DATASET =
(* Let $(e_n)_{n\in N}$ and $(e'_n)_{n\in N'}$ be normalised bimonotone unconditional basic sequences, $X=\overline{\mathrm{span}}\{e_n\}$, $X'=\overline{\mathrm{span}}\{e'_n\}$. Then every homeomorphism $T:P(X)\to P(X')$ maps $X$ onto $X'$, the hair of $P(X)$ onto the hair of $P(X')$, the set of roots of $P(X)$ onto the set of roots of $P(X')$, and for each $n$ the set of type $t_n$ vectors of $X$ onto the set of type $t_n$ vectors of $X'$.
   Context: A type is a non-empty finite non-decreasing sequence of strictly positive rationals; $x\in X$ has type $(\lambda_1,\dots,\lambda_m)$ if $x=\sum_{i=1}^m\lambda_ie_{\sigma(i)}$ for an injection $\sigma:\{1,\dots,m\}\to N$. Enumerate the types as $(t_n)_{n\ge1}$ with $t_1=(1)$; $T_n$ is the set of vectors of type $t_n$. $H_n$ is the metric space obtained by gluing $n$ isometric copies of $[0,1]$ at a common endpoint $0_n$. For $x\in T_n$, $H(x)$ is an isometric copy of $H_n$ (metric $d_x$) with special point identified with $x$, $H^0(x)=H(x)\setminus\{x\}$. $P(X)=X\sqcup\bigsqcup_n\bigsqcup_{x\in T_n}H^0(x)$ with metric $d$: $d=d_X$ on $X$; $d=d_x$ on $H^0(x)$; $d(y,z)=d_X(y,x)+d_x(x,z)$ for $y\in X,z\in H^0(x)$; $d(y,z)=d_x(y,x)+d_X(x,x')+d_{x'}(x',z)$ for $y\in H^0(x),z\in H^0(x')$, $x\neq x'$. The set of roots is $R=\bigcup_nT_n$ and the hair is $\bigcup_{x\in R}H^0(x)$. The same construction applied to $X'$ gives $P(X')$. *)

From HB Require Import structures.
From mathcomp Require Import all_boot all_order all_algebra.
From mathcomp Require Import all_classical all_reals all_analysis.
Set Implicit Arguments. Unset Strict Implicit. Unset Printing Implicit Defensive.
Import Order.TTheory GRing.Theory Num.Theory.
Import numFieldNormedType.Exports.
Local Open Scope classical_set_scope.
Local Open Scope ring_scope.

WORK REQUEST =
Show every line in the entries where the string "mathcomp" occurs.

EXPECTED ANSWER =
From mathcomp Require Import all_boot all_order all_algebra.
From mathcomp Require Import all_classical all_reals all_analysis.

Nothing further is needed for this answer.